Problem description
Return the lines below that carry the word "Hmin".
----- Input records
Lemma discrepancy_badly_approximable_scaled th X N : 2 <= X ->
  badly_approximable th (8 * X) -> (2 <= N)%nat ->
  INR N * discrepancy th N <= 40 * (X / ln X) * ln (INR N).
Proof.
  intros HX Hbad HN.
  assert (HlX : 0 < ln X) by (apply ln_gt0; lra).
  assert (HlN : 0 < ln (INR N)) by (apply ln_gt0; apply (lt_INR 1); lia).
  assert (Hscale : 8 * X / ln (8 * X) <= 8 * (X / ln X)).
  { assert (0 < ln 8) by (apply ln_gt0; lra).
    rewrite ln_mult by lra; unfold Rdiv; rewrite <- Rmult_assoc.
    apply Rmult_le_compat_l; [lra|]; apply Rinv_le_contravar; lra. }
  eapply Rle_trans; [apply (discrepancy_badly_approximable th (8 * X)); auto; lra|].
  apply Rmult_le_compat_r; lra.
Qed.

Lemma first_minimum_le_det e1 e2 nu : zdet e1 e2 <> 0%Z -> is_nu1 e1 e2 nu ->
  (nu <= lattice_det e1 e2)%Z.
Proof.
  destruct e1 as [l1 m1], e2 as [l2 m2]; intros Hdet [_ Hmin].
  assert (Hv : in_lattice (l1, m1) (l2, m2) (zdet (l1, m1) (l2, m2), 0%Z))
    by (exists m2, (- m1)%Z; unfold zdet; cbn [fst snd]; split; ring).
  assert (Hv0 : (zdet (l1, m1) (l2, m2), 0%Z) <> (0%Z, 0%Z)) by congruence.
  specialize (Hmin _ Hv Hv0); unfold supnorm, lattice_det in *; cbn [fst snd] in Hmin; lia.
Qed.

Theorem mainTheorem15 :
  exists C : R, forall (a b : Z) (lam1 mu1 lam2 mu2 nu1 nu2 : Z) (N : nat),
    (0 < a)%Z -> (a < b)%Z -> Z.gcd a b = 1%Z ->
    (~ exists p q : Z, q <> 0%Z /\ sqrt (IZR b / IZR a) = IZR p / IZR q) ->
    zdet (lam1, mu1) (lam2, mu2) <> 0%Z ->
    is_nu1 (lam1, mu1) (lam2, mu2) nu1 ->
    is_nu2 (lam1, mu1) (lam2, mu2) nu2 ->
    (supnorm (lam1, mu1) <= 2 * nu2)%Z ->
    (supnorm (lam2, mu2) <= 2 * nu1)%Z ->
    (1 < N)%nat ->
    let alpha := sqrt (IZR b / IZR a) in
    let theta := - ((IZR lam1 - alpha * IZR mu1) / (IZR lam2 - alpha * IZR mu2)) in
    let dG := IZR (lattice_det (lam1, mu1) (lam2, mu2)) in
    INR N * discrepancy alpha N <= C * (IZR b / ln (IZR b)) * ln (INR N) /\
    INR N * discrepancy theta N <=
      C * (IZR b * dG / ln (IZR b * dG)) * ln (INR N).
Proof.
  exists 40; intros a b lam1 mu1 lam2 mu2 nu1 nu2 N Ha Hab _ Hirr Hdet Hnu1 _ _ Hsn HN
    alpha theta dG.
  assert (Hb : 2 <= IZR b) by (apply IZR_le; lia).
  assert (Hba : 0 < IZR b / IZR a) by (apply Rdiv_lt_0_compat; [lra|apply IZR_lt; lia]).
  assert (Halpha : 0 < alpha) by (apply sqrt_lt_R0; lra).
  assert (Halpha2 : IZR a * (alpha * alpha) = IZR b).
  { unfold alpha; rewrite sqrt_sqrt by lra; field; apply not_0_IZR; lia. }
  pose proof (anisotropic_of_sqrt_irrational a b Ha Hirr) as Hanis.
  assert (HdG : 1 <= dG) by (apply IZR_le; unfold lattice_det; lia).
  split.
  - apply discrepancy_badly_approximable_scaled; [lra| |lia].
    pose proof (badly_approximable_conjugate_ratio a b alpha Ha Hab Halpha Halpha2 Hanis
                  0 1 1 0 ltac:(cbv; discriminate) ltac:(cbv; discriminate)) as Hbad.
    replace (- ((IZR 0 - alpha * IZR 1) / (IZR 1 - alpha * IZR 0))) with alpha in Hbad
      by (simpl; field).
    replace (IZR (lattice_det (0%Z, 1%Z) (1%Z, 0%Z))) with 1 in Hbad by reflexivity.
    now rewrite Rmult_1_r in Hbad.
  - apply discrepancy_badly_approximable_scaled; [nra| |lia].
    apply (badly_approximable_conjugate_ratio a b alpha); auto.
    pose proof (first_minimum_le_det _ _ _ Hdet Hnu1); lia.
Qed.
----------
Exercise output
  destruct e1 as [l1 m1], e2 as [l2 m2]; intros Hdet [_ Hmin].
  specialize (Hmin _ Hv Hv0); unfold supnorm, lattice_det in *; cbn [fst snd] in Hmin; lia.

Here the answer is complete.